Acquisition the Old-Fashioned Way?
In many respects, FIs are still bastions of traditionalism. When it comes to managing and protecting consumer deposits, that is a great way to operate – but when it comes to customer acquisition, that traditional mindset can be costly and inefficient.
For many FIs, acquisition efforts still center on a process known as batch prescreening. This approach focuses on identifying broad customer segments that share specific criteria (physical location, credit score thresholds and more). Once an FI has the batch of potential customers identified, it will run a prescreen process on the batch and send direct mail credit card offers to individuals that pass the decision hurdles.
Presenting a new credit card offer through the mail has worked for decades, and continues to work today. But is it the best approach to generating new customers?

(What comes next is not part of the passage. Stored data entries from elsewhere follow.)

Lemma sweep_velocity_le r t : 0 < t < T ->
  derivable u t 1 -> derivable xi t 1 ->
  (fun h => h^-1 *: (g (t + h) (u t) (xi t) - g t (u t) (xi t))) @ 0^'
    --> gt t (u t) (xi t) ->
  (forall z, Zset G (g t (u t) (xi t)) z ->
     0 <= ip (u t - xi t - z) (derive1 xi t)
          + `|derive1 xi t| / (2 * r) * `|u t - xi t - z| ^+ 2) ->
  `|derive1 xi t| <= (1 - K1 * gamma / c)^-1 *
     ((1 + omega * K1 / c) * `|derive1 u t| + K1 / c * `|gt t (u t) (xi t)|).
Proof.
move=> /andP [t_gt0 t_ltT] du dxi dg sweep_t.
have t_in : 0 <= t <= T by rewrite !ltW.
set v := derive1 xi t; set u' := derive1 u t; set e := `|gt t (u t) (xi t)|.
have [N [cN VN_le]] : exists N, c <= N /\
    `|v| * N <= N * `|u'| + K1 * (omega * `|u'| + gamma * `|v| + e).
  have [v0|v_neq0] := eqVneq v 0.
    exists c; rewrite v0 normr0 mul0r lexx; split => //.
    rewrite mulr0 addr0 addr_ge0 ?mulr_ge0 ?addr_ge0 ?mulr_ge0 //.
      exact: ltW.
    exact: normr_ge0.
  set x := u t - xi t; set w := g t (u t) (xi t); set n := gradx x w.
  have Gx_le1 := Z_xi _ t_in.
  have on_bd := sweep_boundary (f := G^~ w) ipP (G_dx x w) Gx_le1 sweep_t v_neq0.
  have n_ge_c := gradx_ge_c _ _ on_bd.
  have n_neq0 : n != 0 by rewrite -normr_gt0 (lt_le_trans c_gt0).
  have aligned :=
    sweep_velocity_normal (f := G^~ w) ipP (G_dx x w) Gx_le1 sweep_t n_neq0.
  have t_in' : 0 < t <= T by rewrite t_gt0 ltW.
  have key := normal_derivative_estimate t t_in' du dxi dg on_bd.
  have cauchy_schwarz := ip_le_norm ipP n u'.
  exists `|n|; split => //; move: aligned key cauchy_schwarz.
  by rewrite (ipBr ipP) -/x -/w -/n -/u' -/v -/e; lra.
by apply: (velocity_bound_of_normal_estimate N) => //; exact: normr_ge0.
Qed.

End VelocityBound.
Lemma dilate_congr (u : nat) (n : int) (l : nat) :
  ((q : int) %| u%:Z * n * l%:Z - n * ((u * l) %% q)%N%:Z)%Z.
Proof.
rewrite (mulrC u%:Z n) -mulrA -PoszM -mulrBr; apply: dvdz_mull.
by rewrite {1}(divn_eq (u * l) q) PoszD addrK PoszM dvdz_mull.
Qed.

Definition dilation_stable (S : pred nat) :=
  forall u l, odd u -> (l < q)%N -> S ((u * l) %% q)%N = S l.

Lemma sum_dilate (V : nmodType) (S : pred nat) (f : int -> V) (u : nat) (n : int) :
  dilation_stable S -> odd u ->
  (forall x y : int, ((q : int) %| x - y)%Z -> f x = f y) ->
  \sum_(l < q | S l) f (u%:Z * n * l%:Z) = \sum_(l < q | S l) f (n * l%:Z).
Proof.
move=> Sst ou fper; rewrite [RHS](reindex_inj (@dilate_inj u ou)) /=.
apply: eq_big => [l | l _]; first by rewrite /= Sst.
exact/fper/dilate_congr.
Qed.

End OddDilation.

Section ClassSums.
Variable m : nat.
Hypothesis m_gt0 : (0 < m)%N.
Local Notation q := (qq m).

Definition Cs (S : pred nat) (n : int) : algC := \sum_(l < q | S l) cs (gam m) (n * l%:Z).

Lemma sum_fac (S : pred nat) (q1 q2 : int) :
  \sum_(l < q | S l) fac m q1 q2 l =
  \sum_(l < q | S l) ('X^2 + 1) ^+ 2 + (Cs S (q1 + q2) + Cs S (q1 - q2))%:P * 'X^2
  - (Cs S q1 + Cs S q2)%:P * ('X * ('X^2 + 1)).
Proof.
under eq_bigr do rewrite fac_expand.
rewrite big_split /= sumrN big_split /= -!mulr_suml -!rmorph_sum.
by rewrite /Cs -!big_split.
Qed.

Lemma Cs_opp (S : pred nat) (n : int) : Cs S (- n) = Cs S n.
Proof. by apply: eq_bigr => l _; rewrite mulNr cs_opp. Qed.

Lemma Cs_abs (S : pred nat) (n : int) : Cs S n = Cs S (absz n).
Proof. by case: n => n //; rewrite NegzE Cs_opp. Qed.

Lemma Cs_dilate (S : pred nat) (u : nat) (n : int) :
  dilation_stable m S -> odd u -> Cs S (u%:Z * n) = Cs S n.
Proof. by move=> Sst ou; apply: sum_dilate => // x y; apply: cs_gam_mod. Qed.

Lemma Cs_two_part (S : pred nat) (a w : nat) :
  dilation_stable m S -> odd w -> Cs S (2 ^ a * w)%N = Cs S (2 ^ a)%N.
Proof. by move=> Sst ow; rewrite mulnC PoszM Cs_dilate. Qed.

End ClassSums.

Definition Bset (j : nat) : pred nat :=
  fun l => [&& (0 < l)%N, (2 ^ j %| l)%N & ~~ (2 ^ j.+1 %| l)%N].

Section IndexSets.
Variable m : nat.
Local Notation q := (qq m).

Lemma dvdn_dilate (k u l : nat) : (k <= m)%N -> odd u ->
  (2 ^ k %| (u * l) %% q)%N = (2 ^ k %| l)%N.
Proof.
move=> km ou; rewrite -(Gauss_dvdr l (coprime_exp2_odd k _ ou)).
by rewrite /dvdn /qq modn_dvdm // dvdn_exp2l.
Qed.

Direct mail response rates are relatively low, with 1-6% of consumers responding to offers they receive in the mailbox. While that is substantially higher than offers through digital channels like email and website, acquisition costs can be more than $250 per customer and, an acceptance rate of roughly 0.5%, direct mail is by no means an efficient way to bring new clients to the organization.
Nor is direct mail an environmentally friendly approach; marketers send more than 121 billion pieces of direct mail to US households annually. Of those pieces sent, nearly 10 billion are from financial services companies, and 44% of all mail recipients throw away their “junk mail” without even reading it.
The one-two punch of low response rate and very low acceptance rate, combined with the high cost of campaign execution, makes batch prescreen with direct mail offers less than appealing. But what options do FIs have for customer acquisition?
Prescreen-Of-One: Capitalizing on the Micro-Moment
One of the most effective and complementary approaches for FIs to implement is Prescreen-of-One. Also known as instant prescreen or real time prescreen, this is a departure from the “spray and pray” approach of batch prescreen.
With Prescreen-of-One, the FI can effectively and efficiently engage with customers when they are already conducting business in a branch, over the phone, on the website or using a mobile application. An instant prescreen approach helps companies capitalize on the “micro-moment” – the specific time and channel when a customer is paying attention to that organization. (For more thoughts on micro-moments, please watch my recent interview with Bank Director)
Rather than trying to capture attention through a crowded channel like direct mail, FIs that use Prescreen-of-One can present relevant offers when a customer is more likely to listen and respond. When combined with data about a customer, an instant prescreen offer can present personalized, valuable products and services that resonate with the individual.
Not only does an instant prescreen offer improve the customer experience, it is a cost-effective way to get the right offers in front of the right customers. Without the overhead of printing and mailing, instant prescreen lets FIs present offers for significantly less cost.
And Prescreen-of-One has significantly higher acceptance rates than batch/direct mail offers. FIs that present prescreen product offers at the point of interaction with a customer routinely see offer acceptance rates above 20%, with approval rates that outstrip batch prescreen as well.
The Secret Weapon for High-Growth Companies
Prescreen-of-One has concrete advantages over batch prescreen when it comes to efficient customer acquisition. It is cheaper, happens in real time and takes place when a consumer is most likely to listen and respond.
Leading FIs are increasingly turning to instant prescreen to capture new customers and grow wallet share with existing customers. When combined with in-house and third party data, Prescreen-of-One can be the “secret weapon” that enables an organization to get the best customers in the quickest way possible.